Prudential is another company Droga5 has worked with to communicate its purpose. Royer says it is among the work he is most proud of, because of the way it changed the category of financial services. His aunt even emailed him about the Day One films – which show people on their first day of retirement – telling him he should be making work like that without realising he actually had.
Droga5’s work for Newcastle Brown Ale is another example of creative that pushes back against its category, with its witty and irreverent brand voice in social media. “I love the fact that Newcastle Brown wants to poke beer marketing in the eye, because beer marketing is so shit, and it treats most men like idiots. We like being a smarter voice.”
This description sums Royer up pretty well, too. A friendly bloke with a good sense of humour, mixed with a healthy dollop of cynicism and quite a few swear words. He likens his enthusiasm for history to [British TV series] Peep Show’s character Mark Corrigan. But Royer is really nothing like this cult comic character – who certainly wouldn’t have taken acid before going to hospital in Argentina following a snowboarding accident, as Royer once did.
Droga5 has fostered a culture that “is really generous”, says Royer. “People will help you and we’ve got each other’s backs.” Long working hours mean that hiring staff who are “smart, funny and nice” is essential, he says. “We are good at calling out dickheads and, when they do come here, they get rejected pretty quickly, like a bad body part.”
Royer admits he is nervous about the agency’s move in April to a bigger office space in the financial district of Manhattan, to accommodate its growing staff of more than 250. “We pride ourselves on being really quick to react to something and being a bit scrappy. This [current] building has that – it looks like it has been duct-taped together. In the new sleek office, I wonder if that is going to change.”

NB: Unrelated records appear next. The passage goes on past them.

(* For every $k,\ell\ge1$, $\mathsf{RT}^2_{k,\ell}\le_c\mathsf{DT}^2_{2k,2\ell+1}$.
   Context: $\mathsf{RT}^2_{k,\ell}$: instances are colorings $f:[\mathbb N]^2\to k$; solutions are infinite sets $H\subseteq\mathbb N$ with $|f([H]^2)|\le\ell$. $\mathsf{DT}^2_{k,\ell}$: instances are colorings $f:[\mathbb Q]^2\to k$ (with $\mathbb Q$ computably presented); solutions are sets $S\subseteq\mathbb Q$ such that $(S,<)$ is a dense linear order without endpoints and $|f([S]^2)|\le\ell$. Computable reducibility: a problem $\mathsf Q$ is computably reducible to $\mathsf P$, written $\mathsf Q\le_c\mathsf P$, if every $\mathsf Q$-instance $X$ computes a $\mathsf P$-instance $\widehat X$ such that for every $\mathsf P$-solution $\widehat Y$ to $\widehat X$, $X\oplus\widehat Y$ computes a $\mathsf Q$-solution to $X$. *)

From Stdlib Require Import Arith List ZArith QArith Cantor.
Import ListNotations.
Local Open Scope nat_scope.

Inductive prog : Type :=
| PZero : prog
| PSucc : prog
| PProj : nat -> prog                   (* i-th argument (0 if absent) *)
| POracle : prog
| PComp : prog -> list prog -> prog
| PPrim : prog -> prog -> prog          (* primitive recursion on x0 *)
| PMu : prog -> prog.

Inductive eval (o : nat -> nat) : prog -> list nat -> nat -> Prop :=
| eZero xs : eval o PZero xs 0
| eSucc xs : eval o PSucc xs (S (hd 0 xs))
| eProj i xs : eval o (PProj i) xs (nth i xs 0)
| eOracle xs : eval o POracle xs (o (hd 0 xs))
| eComp f gs xs ys y :
    evals o gs xs ys -> eval o f ys y -> eval o (PComp f gs) xs y
| ePrim0 b s xs y : eval o b xs y -> eval o (PPrim b s) (0 :: xs) y
| ePrimS b s n xs r y :
    eval o (PPrim b s) (n :: xs) r -> eval o s (n :: r :: xs) y ->
    eval o (PPrim b s) (S n :: xs) y
| eMu f xs n :
    eval o f (n :: xs) 0 ->
    (forall m, m < n -> exists v, v <> 0 /\ eval o f (m :: xs) v) ->
    eval o (PMu f) xs n
with evals (o : nat -> nat) : list prog -> list nat -> list nat -> Prop :=
| esNil xs : evals o [] xs []
| esCons g gs xs y ys :
    eval o g xs y -> evals o gs xs ys -> evals o (g :: gs) xs (y :: ys).

(** [o] computes [g] (i.e. g <=_T o). *)
Definition computes (o g : nat -> nat) : Prop :=
  exists e : prog, forall n, eval o e [n] (g n).

Definition join (X Y : nat -> nat) : nat -> nat :=
  fun n => if Nat.even n then X (Nat.div2 n) else Y (Nat.div2 n).

Definition chi (S : nat -> bool) : nat -> nat := fun n => if S n then 1 else 0.

Definition oracle2 (f : nat -> nat -> nat) : nat -> nat :=
  fun n => f (fst (Cantor.of_nat n)) (snd (Cantor.of_nat n)).

(** * Computable presentation of Q
   The code n, with (a,b) = Cantor.of_nat n, denotes the fraction
   zdec a / (b+1) where zdec : nat -> Z is the standard bijection
   0,1,2,3,4,.. |-> 0,-1,1,-2,2,...; codes are valid when the fraction is in
   lowest terms, so valid codes are in bijection with Q. *)
Definition zdec (a : nat) : Z :=
  if Nat.even a then Z.of_nat (Nat.div2 a) else (- Z.of_nat (Nat.div2 (S a)))%Z.

Definition qnum (n : nat) : Z := zdec (fst (Cantor.of_nat n)).
Definition qden (n : nat) : positive := Pos.of_succ_nat (snd (Cantor.of_nat n)).

Definition qcode (n : nat) : Prop := Z.gcd (qnum n) (Z.pos (qden n)) = 1%Z.
Definition qval (n : nat) : Q := Qmake (qnum n) (qden n).
Definition qlt (i j : nat) : Prop := Qlt (qval i) (qval j).

(** RT^2_{k,l}-instance: f : [N]^2 -> k, where f x y (x < y) is the color of {x,y}. *)
Definition RT_instance (k : nat) (f : nat -> nat -> nat) : Prop :=
  forall x y, x < y -> f x y < k.

Definition infinite_set (H : nat -> bool) : Prop :=
  forall n, exists m, n <= m /\ H m = true.

Definition RT_solution (l : nat) (f : nat -> nat -> nat) (H : nat -> bool) : Prop :=
  infinite_set H /\
  exists cols : list nat, length cols <= l /\
    forall x y, x < y -> H x = true -> H y = true -> In (f x y) cols.

(** DT^2_{k,l}-instance: coloring of unordered pairs of rationals (given by codes);
    the color of {i,j} for codes i < j (as naturals) is g i j. *)
Definition DT_instance (k : nat) (g : nat -> nat -> nat) : Prop :=
  forall i j, qcode i -> qcode j -> i < j -> g i j < k.

Definition dense_no_endpoints (S : nat -> bool) : Prop :=
  (forall i, S i = true -> qcode i) /\
  (exists i, S i = true) /\
  (forall i j, S i = true -> S j = true -> qlt i j ->
     exists m, S m = true /\ qlt i m /\ qlt m j) /\
  (forall i, S i = true ->
     exists a b, S a = true /\ S b = true /\ qlt a i /\ qlt i b).

Definition DT_solution (l : nat) (g : nat -> nat -> nat) (S : nat -> bool) : Prop :=
  dense_no_endpoints S /\
  exists cols : list nat, length cols <= l /\
    forall i j, i < j -> S i = true -> S j = true -> In (g i j) cols.

Definition RT_le_c_DT (k l k' l' : nat) : Prop :=
  forall f, RT_instance k f ->
    exists g, DT_instance k' g /\ computes (oracle2 f) (oracle2 g) /\
      forall S, DT_solution l' g S ->
        exists H, RT_solution l f H /\ computes (join (oracle2 f) (chi S)) (chi H).

(* Colour a pair of codes i < j by 2 f(i,j) + [q_i < q_j]: the quotient by 2 recovers
   f, the parity records whether the pair is increasing in Q.  A dense S without endpoints
   using at most 2l+1 colours uses at most l colours of some parity b.  Above and below any
   point of S lie elements of S with arbitrarily large codes, so searching S we find codes
   h(0) < h(1) < ... in S whose consecutive rationals are ordered as prescribed by b.  Every
   pair from H = range h then has order bit b, so f takes at most l values on [H]^2, and H
   is decidable from h (hence from S) because h is increasing. *)

From Stdlib Require Import Arith List ZArith QArith Cantor Lia Classical ClassicalEpsilon.
Import ListNotations.
Local Open Scope nat_scope.

Definition least (P : nat -> Prop) : nat :=
  epsilon (inhabits 0) (fun n => P n /\ forall m, P m -> n <= m).

Lemma least_spec (P : nat -> Prop) :
  (exists n, P n) -> P (least P) /\ forall m, P m -> least P <= m.
Proof.
  intros HP. unfold least. apply epsilon_spec.
  destruct (dec_inh_nat_subset_has_unique_least_element P (fun n => classic (P n)) HP)
    as [n [Hn _]].
  now exists n.
Qed.

Lemma least_unique (P : nat -> Prop) n :
  P n -> (forall m, P m -> n <= m) -> least P = n.
Proof.
  intros Pn Hmin. destruct (least_spec P (ex_intro _ n Pn)) as [Pl Hl].
  specialize (Hl n Pn). specialize (Hmin _ Pl). lia.
Qed.

Fixpoint prim_rec (B St : list nat -> nat) (n : nat) (xs : list nat) : nat :=
  match n with
  | 0 => B xs
  | S n' => St (n' :: prim_rec B St n' xs :: xs)
  end.

Section RecursiveIn.

Variable o : nat -> nat.

Definition rec_in (F : list nat -> nat) : Prop :=
  exists e, forall xs, eval o e xs (F xs).

Lemma rec_in_ext F G : (forall xs, G xs = F xs) -> rec_in F -> rec_in G.
Proof. intros E [e He]. exists e. intros xs. rewrite E. apply He. Qed.

Lemma rec_in_proj i : rec_in (fun xs => nth i xs 0).
Proof. exists (PProj i). constructor. Qed.

Lemma rec_in_S F : rec_in F -> rec_in (fun xs => S (F xs)).
Proof.
  intros [e He]. exists (PComp PSucc [e]). intros xs.
  econstructor; [repeat constructor; apply He | constructor].
Qed.

Lemma rec_in_const c : rec_in (fun _ => c).
Proof.
  induction c as [|c IH].
  - exists PZero. constructor.
  - now apply rec_in_S in IH.
Qed.

Lemma rec_in_oracle F : rec_in F -> rec_in (fun xs => o (F xs)).
Proof.
  intros [e He]. exists (PComp POracle [e]). intros xs.
  econstructor; [repeat constructor; apply He | constructor].
Qed.

Lemma rec_in_comp F Gs :
  rec_in F -> Forall rec_in Gs -> rec_in (fun xs => F (map (fun G => G xs) Gs)).
Proof.
  intros [f Hf] HGs.
  assert (Hgs : exists gs, forall xs, evals o gs xs (map (fun G => G xs) Gs)).
  { induction HGs as [|G Gs [g Hg] _ [gs Hgs]].
    - exists []. constructor.
    - exists (g :: gs). intros xs. constructor; auto. }
  destruct Hgs as [gs Hgs]. exists (PComp f gs). intros xs. econstructor; eauto.
Qed.

Lemma rec_in_comp1 (u : nat -> nat) F :
  rec_in (fun xs => u (nth 0 xs 0)) -> rec_in F -> rec_in (fun xs => u (F xs)).
Proof. intros Hu HF. exact (rec_in_comp _ [F] Hu (Forall_cons _ HF (Forall_nil _))). Qed.

Lemma rec_in_comp2 (u : nat -> nat -> nat) F G :
  rec_in (fun xs => u (nth 0 xs 0) (nth 1 xs 0)) -> rec_in F -> rec_in G ->
  rec_in (fun xs => u (F xs) (G xs)).
Proof.
  intros Hu HF HG.
  exact (rec_in_comp _ [F; G] Hu (Forall_cons _ HF (Forall_cons _ HG (Forall_nil _)))).
Qed.

Lemma rec_in_prim B St :
  rec_in B -> rec_in St -> rec_in (fun xs => prim_rec B St (nth 0 xs 0) [nth 1 xs 0]).
Proof.
  intros [b Hb] [s Hs]. exists (PComp (PPrim b s) [PProj 0; PProj 1]). intros xs.
  econstructor; [repeat constructor|].
  induction (nth 0 xs 0); simpl; econstructor; eauto.
Qed.

Lemma rec_in_iter (h step : nat -> nat) :
  (forall n, h (S n) = step (h n)) ->
  rec_in (fun xs => step (nth 0 xs 0)) -> rec_in (fun xs => h (nth 0 xs 0)).
Proof.
  intros Hh Hstep.
  apply (rec_in_ext (fun xs => prim_rec (fun _ => h 0) (fun ys => step (nth 1 ys 0))
                                   (nth 0 xs 0) [nth 1 xs 0])).
  - intros xs. induction (nth 0 xs 0); simpl; congruence.
  - apply rec_in_prim; [apply rec_in_const|].
    exact (rec_in_comp1 _ _ Hstep (rec_in_proj 1)).
Qed.

Lemma rec_in_pred F : rec_in F -> rec_in (fun xs => pred (F xs)).
Proof.
  apply rec_in_comp1.
  apply (rec_in_ext (fun xs => prim_rec (fun _ => 0) (fun ys => nth 0 ys 0)
                                 (nth 0 xs 0) [nth 1 xs 0])).
  - intros xs. now destruct (nth 0 xs 0).
  - apply rec_in_prim; [apply rec_in_const | apply rec_in_proj].
Qed.

Lemma rec_in_add F G : rec_in F -> rec_in G -> rec_in (fun xs => F xs + G xs).
Proof.
  apply rec_in_comp2.
  apply (rec_in_ext (fun xs => prim_rec (fun ys => nth 0 ys 0) (fun ys => S (nth 1 ys 0))
                                 (nth 0 xs 0) [nth 1 xs 0])).
  - intros xs. induction (nth 0 xs 0); simpl; congruence.
  - apply rec_in_prim; [apply rec_in_proj | apply rec_in_S, rec_in_proj].
Qed.

Lemma rec_in_mul F G : rec_in F -> rec_in G -> rec_in (fun xs => F xs * G xs).
Proof.
  apply rec_in_comp2.
  apply (rec_in_ext (fun xs => prim_rec (fun _ => 0) (fun ys => nth 2 ys 0 + nth 1 ys 0)
                                 (nth 0 xs 0) [nth 1 xs 0])).
  - intros xs. induction (nth 0 xs 0); simpl; congruence.
  - apply rec_in_prim; [apply rec_in_const | apply rec_in_add; apply rec_in_proj].
Qed.

Lemma rec_in_sub F G : rec_in F -> rec_in G -> rec_in (fun xs => F xs - G xs).
Proof.
  intros HF HG. apply (rec_in_comp2 (fun b a => a - b)); auto.
  apply (rec_in_ext (fun xs => prim_rec (fun ys => nth 0 ys 0) (fun ys => pred (nth 1 ys 0))
                                 (nth 0 xs 0) [nth 1 xs 0])).
  - intros xs. induction (nth 0 xs 0); simpl; lia.
  - apply rec_in_prim; [apply rec_in_proj | apply rec_in_pred, rec_in_proj].
Qed.
(* Let $l\ge1$ and work in $\mathfrak{OA}_{1,2l}=\mathfrak{OA}/\mathfrak I_{(t-1)^{2l}}$, writing $X_k,Y_k$ for the images. The operator $\mathrm{ad}\,X_0$ on $\mathfrak{OA}_{1,2l}$ is diagonalizable with eigenvalues $0,4,-4$, each eigenspace being $l$-dimensional, with bases: eigenvalue $0$: $X_0$ and $\sum_{k=2j-2}^{2l-1}(-1)^k\binom{k-1}{2j-4}X_k$ for $2\le j\le l$; eigenvalue $\pm4$: $2Y_{2j-1}\pm\Big(X_{2j-1}-\sum_{k=2j-1}^{2l-1}(-1)^k\binom{k-1}{2j-2}X_k\Big)$ for $1\le j\le l$. Moreover the $0$-eigenvectors commute with each other.
   Context: Work over $\mathbb C$. $\mathfrak{sl}_2$ has basis $e,f,h$ with $[e,f]=h$, $[h,e]=2e$, $[h,f]=-2f$. The Onsager algebra is the Lie subalgebra $\mathfrak{OA}=\{p(t)e+p(t^{-1})f+q(t)h:\ p,q\in\mathbb C[t,t^{-1}],\ q(t^{-1})=-q(t)\}$ of the loop algebra $\mathbb C[t,t^{-1}]\otimes\mathfrak{sl}_2$ (bracket $[px,qy]=pq[x,y]$). $\mathfrak I_{(t-1)^L}=\{p(t)e+p(t^{-1})f+q(t)h\in\mathfrak{OA}: p,q\in(t-1)^L\mathbb C[t,t^{-1}]\}$. For $k\ge0$, $X_k=2(t-1)^ke+2(t^{-1}-1)^kf$ and $Y_k=(-1)^k\big((t-1)^k-(t^{-1}-1)^k\big)h$, elements of $\mathfrak{OA}$. $\binom xa=x(x-1)\cdots(x-a+1)/a!$, $\binom x0=1$. *)

From HB Require Import structures.
From mathcomp Require Import all_boot all_order all_algebra.
Set Implicit Arguments. Unset Strict Implicit. Unset Printing Implicit Defensive.
Import Order.TTheory GRing.Theory Num.Theory.
Local Open Scope ring_scope.

(* Laurent polynomials C[t,t^-1] are realised inside the field of rational
   functions RF C = {fraction {poly C}}, with t = 'X%:F. *)

Definition RF (C : numClosedFieldType) := {fraction {poly C}}.

Local Notation "x %:F" := (@FracField.tofrac _ x).

Definition tt (C : numClosedFieldType) : RF C := ('X)%:F.

Definition cst (C : numClosedFieldType) (c : C) : RF C := (c%:P)%:F.

(* x is a Laurent polynomial divisible by (t-1)^L in C[t,t^-1]
   (L = 0: x is any Laurent polynomial) *)
Definition in_tm1_ideal (C : numClosedFieldType) (L : nat) (x : RF C) : Prop :=
  exists (n : nat) (p : {poly C}), x = (('X - 1) ^+ L * p)%:F / tt C ^+ n.

Definition is_laurent (C : numClosedFieldType) (x : RF C) : Prop :=
  in_tm1_ideal 0 x.

(* laurent_inv x y  <->  x = x(t) is a Laurent polynomial and y = x(t^-1). *)
Definition laurent_inv (C : numClosedFieldType) (x y : RF C) : Prop :=
  exists (n : nat) (p : {poly C}),
    x = p%:F / tt C ^+ n /\
    y = (map_poly (@cst C) p).[(tt C)^-1] * tt C ^+ n.

(* Elements a e + b f + c h of the loop algebra, as triples ((a, b), c). *)
Definition loop (C : numClosedFieldType) := (RF C * RF C * RF C)%type.

Definition ce (C : numClosedFieldType) (v : loop C) : RF C := v.1.1.
Definition cf (C : numClosedFieldType) (v : loop C) : RF C := v.1.2.
Definition ch (C : numClosedFieldType) (v : loop C) : RF C := v.2.

Definition lscale (C : numClosedFieldType) (c : C) (v : loop C) : loop C :=
  ((cst c * ce v, cst c * cf v), cst c * ch v).

(* Lie bracket of sl2 (x) C[t,t^-1]:  [e,f]=h, [h,e]=2e, [h,f]=-2f *)
Definition lbr (C : numClosedFieldType) (u v : loop C) : loop C :=
  ((2%:R * (ch u * ce v - ce u * ch v),
    2%:R * (cf u * ch v - ch u * cf v)),
    ce u * cf v - cf u * ce v).

(* membership in the Onsager algebra:
   p(t) e + p(t^-1) f + q(t) h with q(t^-1) = - q(t) *)
Definition inOA (C : numClosedFieldType) (v : loop C) : Prop :=
  laurent_inv (ce v) (cf v) /\ laurent_inv (ch v) (- ch v).

Definition inI (C : numClosedFieldType) (L : nat) (v : loop C) : Prop :=
  inOA v /\ in_tm1_ideal L (ce v) /\ in_tm1_ideal L (ch v).

Definition Xk (C : numClosedFieldType) (k : nat) : loop C :=
  ((2%:R * (tt C - 1) ^+ k, 2%:R * ((tt C)^-1 - 1) ^+ k), 0).

Definition Yk (C : numClosedFieldType) (k : nat) : loop C :=
  ((0, 0), (-1) ^+ k * ((tt C - 1) ^+ k - ((tt C)^-1 - 1) ^+ k)).

Definition adX0 (C : numClosedFieldType) (v : loop C) : loop C := lbr (Xk C 0) v.

(* v is a lam-eigenvector of ad X_0 in OA / I_{(t-1)^L} (v taken in OA;
   "modulo I", nonzero-ness not required here) *)
Definition eig_mod (C : numClosedFieldType) (L : nat) (lam : C) (v : loop C) : Prop :=
  inOA v /\ inI L (adX0 v - lscale lam v).

Definition eigenbasis_mod (C : numClosedFieldType) (L : nat) (lam : C) (m : nat)
  (B : 'I_m -> loop C) : Prop :=
  [/\ (forall i, eig_mod L lam (B i)),
      (forall c : 'I_m -> C, inI L (\sum_(i < m) lscale (c i) (B i)) ->
         forall i, c i = 0)
    & (forall w, eig_mod L lam w ->
         exists c : 'I_m -> C, inI L (w - \sum_(i < m) lscale (c i) (B i)))].

Definition B0 (C : numClosedFieldType) (l : nat) (i : 'I_l) : loop C :=
  let j := i.+1 in
  if j == 1%N then Xk C 0 else
  \sum_(2 * j - 2 <= k < 2 * l)
     lscale ((-1) ^+ k * ('C(k - 1, 2 * j - 4))%:R) (Xk C k).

While Royer is attached to the agency’s NoHo neighbourhood, he says he does not think Droga5’s culture is necessarily grounded in New York. The agency, which also has a Sydney office, opened the doors of its first London shop last year. “We have such great, talented people over there [London], they are going to thrive,” he says.
Working for an Australian and being engaged to an Australian, Royer, who loves the country, sees himself one day living there again. “I hope to always be involved with this company in some form.” But, for now, he is enjoying life in Brooklyn, where he lives with his wife, 18-month-old son and two dogs. “I love pottering around the house and I am all about the play-date these days.” Like the slogan from Droga5’s Hennessey advert, ‘The man who couldn’t slow down,’ Royer is certainly firing on all cylinders – even if he is lazy.